WORK TO COMPLETE:
Provide again, from the entries below, every line from the one containing "Lemma sum_ffun5 (F" through the one containing "by move=> f _; rewrite tuple5_eta.", exactly as written, and no other line.

Stored data entries:
(* For every $n$, $\mathrm{ex}(n,M,K_3)=\mathcal N(M,T_2(n))$ and $\mathrm{ex}(n,M',K_3)=\mathcal N(M',T_2(n))$.
   Context: $M$ is the five-vertex graph consisting of two independent edges and an isolated vertex; $M'$ is the five-vertex graph consisting of a path $P_3$ on three vertices and a disjoint edge. $T_2(n)$ is the complete bipartite graph on $n$ vertices with parts of sizes $\lfloor n/2\rfloor$ and $\lceil n/2\rceil$. $\mathcal N(H,G)$ is the number of subgraphs of $G$ isomorphic to $H$; $\mathrm{ex}(n,H,K_3)$ is the maximum of $\mathcal N(H,G)$ over triangle-free $n$-vertex graphs $G$. *)

From mathcomp Require Import all_boot all_order.
Set Implicit Arguments. Unset Strict Implicit. Unset Printing Implicit Defensive.

(* A simple graph on vertex set 'I_n is represented by its edge set:
   a set of 2-element subsets of 'I_n. *)
Definition simple_graph (n : nat) (E : {set {set 'I_n}}) : bool :=
  [forall e in E, #|e| == 2].

Definition triangle_free (n : nat) (E : {set {set 'I_n}}) : bool :=
  ~~ [exists x : 'I_n, exists y : 'I_n, exists z : 'I_n,
        [&& [set x; y] \in E, [set y; z] \in E & [set x; z] \in E]].

(* A subgraph (S, F) of G = ('I_n, E): S a vertex set, F a set of edges of G.
   It is a copy of H = ('I_k, EH) if there is a bijection f : 'I_k -> S
   mapping the edge set EH exactly onto F. *)
Definition is_copy (k n : nat) (EH : {set {set 'I_k}}) (E : {set {set 'I_n}})
  (S : {set 'I_n}) (F : {set {set 'I_n}}) : bool :=
  (F \subset E) &&
  [exists f : {ffun 'I_k -> 'I_n},
     [&& injectiveb f, f @: setT == S & F == [set (f @: e) | e : {set 'I_k} in EH]]].

Definition num_copies (k n : nat) (EH : {set {set 'I_k}}) (E : {set {set 'I_n}}) : nat :=
  #|[set p : {set 'I_n} * {set {set 'I_n}} | is_copy EH E p.1 p.2]|.

Definition ex_K3 (k n : nat) (EH : {set {set 'I_k}}) : nat :=
  \max_(E : {set {set 'I_n}} | simple_graph E && triangle_free E) num_copies EH E.

(* T_2(n): parts {i < n/2} (size floor(n/2)) and {i >= n/2} (size ceil(n/2)). *)
Definition T2 (n : nat) : {set {set 'I_n}} :=
  [set e : {set 'I_n} | [exists i : 'I_n, exists j : 'I_n,
      [&& (i < n./2)%N, (n./2 <= j)%N & e == [set i; j]]]].

(* M: two independent edges plus an isolated vertex, on 'I_5. *)
Definition M_graph : {set {set 'I_5}} :=
  [set [set (inord 0 : 'I_5); inord 1]; [set (inord 2 : 'I_5); inord 3]].

(* M': a path P_3 plus a disjoint edge, on 'I_5. *)
Definition M'_graph : {set {set 'I_5}} :=
  [set [set (inord 0 : 'I_5); inord 1]; [set (inord 1 : 'I_5); inord 2];
       [set (inord 3 : 'I_5); inord 4]].

From mathcomp Require Import all_boot all_order zify fingroup perm.
Set Implicit Arguments. Unset Strict Implicit. Unset Printing Implicit Defensive.

(* Every copy of a graph H in G is the image of exactly |Aut H| injective
   homomorphisms H -> G, so it suffices to compare labelled copies.  A labelled
   copy of M is an ordered edge ab, an ordered edge cd of G - a - b and a fifth
   vertex; applying Mantel's theorem to G and to G - a - b bounds their number
   in a triangle-free G by the value attained by T_2(n).  In a labelled copy of
   M the fifth vertex is adjacent to at most one end of the edge ab when G is
   triangle-free, and to exactly one when G is complete bipartite; attaching it
   to that end produces a labelled copy of M'.  Hence twice the number of
   labelled copies of M' is at most the number of labelled copies of M, with
   equality for T_2(n). *)

Lemma sum_indicator_card (T : finType) (A : {pred T}) : \sum_x (x \in A : nat) = #|A|.
Proof. by rewrite -sum1_card [RHS]big_mkcond; apply: eq_bigr => x _; case: (x \in A). Qed.

Section Copies.
Variables (k n : nat) (EH : {set {set 'I_k}}) (E : {set {set 'I_n}}).

Definition embeddings : {set {ffun 'I_k -> 'I_n}} :=
  [set f : {ffun 'I_k -> 'I_n} |
     injectiveb f && ([set f @: e | e : {set 'I_k} in EH] \subset E)].

Definition copy_of (f : {ffun 'I_k -> 'I_n}) :=
  (f @: setT, [set f @: e | e : {set 'I_k} in EH]).

Definition automorphisms : {set {perm 'I_k}} :=
  [set s : {perm 'I_k} | [set s @: e | e : {set 'I_k} in EH] == EH].

Definition relabel (f : {ffun 'I_k -> 'I_n}) (s : {perm 'I_k}) := [ffun i => f (s i)].

Lemma relabel_imset f s (A : {set 'I_k}) : relabel f s @: A = f @: (s @: A).
Proof. by rewrite -imset_comp; apply: eq_imset => i; rewrite ffunE. Qed.

Lemma num_copiesE : num_copies EH E = #|copy_of @: embeddings|.
Proof.
apply: eq_card => -[S F]; rewrite inE /is_copy /=; apply/idP/imsetP.
- case/andP=> FE /existsP [f /and3P [injf /eqP fS /eqP Ff]].
  exists f; last by rewrite /copy_of fS Ff.
  by rewrite inE injf -Ff.
- case=> f; rewrite inE => /andP [injf fE] [-> ->].
  by rewrite fE; apply/existsP; exists f; rewrite injf !eqxx.
Qed.

Lemma relabel_embedding f s :
  f \in embeddings -> s \in automorphisms ->
  relabel f s \in embeddings /\ copy_of (relabel f s) = copy_of f.
Proof.
rewrite !inE => /andP [/injectiveP injf fE] /eqP sH.
have copyE :
    [set relabel f s @: e | e : {set 'I_k} in EH] = [set f @: e | e : {set 'I_k} in EH].
  by rewrite -[in RHS]sH -imset_comp; apply: eq_imset => e; rewrite /= relabel_imset.
have sT : s @: setT = setT.
  by apply/eqP; rewrite eqEcard subsetT (card_imset _ (@perm_inj _ s)) leqnn.
rewrite copyE fE andbT /copy_of relabel_imset sT copyE; split=> //.
by apply/injectiveP => i j; rewrite !ffunE => /injf /perm_inj.
Qed.

Lemma copy_of_eq_relabel f g :
  f \in embeddings -> g \in embeddings -> copy_of g = copy_of f ->
  exists2 s, s \in automorphisms & g = relabel f s.
Proof.
rewrite !inE => /andP [/injectiveP injf _] /andP [/injectiveP injg _] [gT gH].
have fs i : {j | f j == g i}.
  apply: sigW; have : g i \in f @: setT by rewrite -gT imset_f.
  by case/imsetP => j _ ->; exists j.
pose s i := sval (fs i).
have fsE i : f (s i) = g i by apply/eqP; exact: svalP (fs i).
have s_inj : injective s by move=> i j sij; apply: injg; rewrite -!fsE sij.
have gE : g = relabel f (perm s_inj) by apply/ffunP => i; rewrite !ffunE permE fsE.
exists (perm s_inj) => //.
rewrite inE eqEcard card_imset; last exact/imset_inj/perm_inj.
rewrite leqnn andbT; apply/subsetP => _ /imsetP [e eH ->].
have : g @: e \in [set g @: e | e : {set 'I_k} in EH] by rewrite imset_f.
rewrite gH => /imsetP [e' e'H]; rewrite gE relabel_imset => /(imset_inj injf) ->.
exact: e'H.
Qed.

Lemma copy_fiber f : f \in embeddings ->
  [set g in embeddings | copy_of g == copy_of f] = relabel f @: automorphisms.
Proof.
move=> fE; apply/setP => g; rewrite inE; apply/andP/imsetP.
- by case=> gE /eqP gf; have [s sA ->] := copy_of_eq_relabel fE gE gf; exists s.
- by case=> s sA ->; have [-> ->] := relabel_embedding fE sA.
Qed.

Lemma card_embeddings : #|embeddings| = #|automorphisms| * num_copies EH E.
Proof.
rewrite num_copiesE -sum1_card (partition_big_imset copy_of) /= mulnC -sum_nat_const.
apply: eq_bigr => _ /imsetP [f fE ->].
have /injectiveP injf : injectiveb f by move: fE; rewrite inE => /andP [].
have relabel_inj : injective (relabel f).
  by move=> s t /ffunP st; apply/permP => i; apply: injf; have := st i; rewrite !ffunE.
rewrite -(card_imset _ relabel_inj) -copy_fiber // -sum1_card.
by apply: eq_bigl => g; rewrite !inE.
Qed.

Lemma automorphisms_gt0 : 0 < #|automorphisms|.
Proof.
apply/card_gt0P; exists 1%g; rewrite inE -[X in _ == X]imset_id.
by apply/eqP/eq_imset => e; rewrite imset_perm1.
Qed.

End Copies.

Lemma leq_num_copies k n (EH : {set {set 'I_k}}) (E E' : {set {set 'I_n}}) :
  #|embeddings EH E| <= #|embeddings EH E'| -> num_copies EH E <= num_copies EH E'.
Proof. by rewrite !card_embeddings leq_pmul2l // automorphisms_gt0. Qed.

Section FiveTuples.
Variable T : finType.

Definition tuple5 (a b c d w : T) : {ffun 'I_5 -> T} :=
  [ffun i : 'I_5 => nth a [:: a; b; c; d; w] i].

Lemma tuple5_eta (f : {ffun 'I_5 -> T}) :
  tuple5 (f (inord 0)) (f (inord 1)) (f (inord 2)) (f (inord 3)) (f (inord 4)) = f.
Proof.
apply/ffunP => i; rewrite ffunE -[in RHS](inord_val i).
by case: i => -[|[|[|[|[|i]]]]].
Qed.

Lemma sum_ffun5 (F : {ffun 'I_5 -> T} -> nat) :
  \sum_f F f = \sum_a \sum_b \sum_c \sum_d \sum_w F (tuple5 a b c d w).
Proof.
rewrite !pair_big (reindex (fun p => tuple5 p.1.1.1.1 p.1.1.1.2 p.1.1.2 p.1.2 p.2)) //=.
exists (fun f => (f (inord 0), f (inord 1), f (inord 2), f (inord 3), f (inord 4))).
  by move=> [[[[a b] c] d] w] _; rewrite !ffunE !inordK.
by move=> f _; rewrite tuple5_eta.
Qed.

Lemma injectiveb_tuple5 a b c d w : injectiveb (tuple5 a b c d w) = uniq [:: a; b; c; d; w].
Proof.
rewrite /injectiveb /dinjectiveb.
have -> : [seq tuple5 a b c d w i | i <- enum 'I_5] =
          [seq nth a [:: a; b; c; d; w] i | i <- [seq val i | i <- enum 'I_5]].
  by rewrite -map_comp; apply: eq_map => i; rewrite ffunE.
by rewrite val_enum_ord.
Qed.

End FiveTuples.

Section LabelledCounts.
Variables (T : finType) (r : rel T).

Definition count_M :=
  \sum_a \sum_b \sum_c \sum_d \sum_w (uniq [:: a; b; c; d; w] && r a b && r c d : nat).

(* A copy of M' is labelled (w, a, b, c, d), with path w a b and edge c d, so that
   deleting the edge w a leaves a labelled copy of M whose isolated vertex is w. *)
Definition count_M' :=
  \sum_a \sum_b \sum_c \sum_d \sum_w
    (uniq [:: w; a; b; c; d] && r w a && r a b && r c d : nat).

End LabelledCounts.

Section EmbeddingCounts.
Variables (n : nat) (E : {set {set 'I_n}}) (r : rel 'I_n).
Hypothesis E_r : forall a b, ([set a; b] \in E) = r a b.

RESPONSE:
Lemma sum_ffun5 (F : {ffun 'I_5 -> T} -> nat) :
  \sum_f F f = \sum_a \sum_b \sum_c \sum_d \sum_w F (tuple5 a b c d w).
Proof.
rewrite !pair_big (reindex (fun p => tuple5 p.1.1.1.1 p.1.1.1.2 p.1.1.2 p.1.2 p.2)) //=.
exists (fun f => (f (inord 0), f (inord 1), f (inord 2), f (inord 3), f (inord 4))).
  by move=> [[[[a b] c] d] w] _; rewrite !ffunE !inordK.
by move=> f _; rewrite tuple5_eta.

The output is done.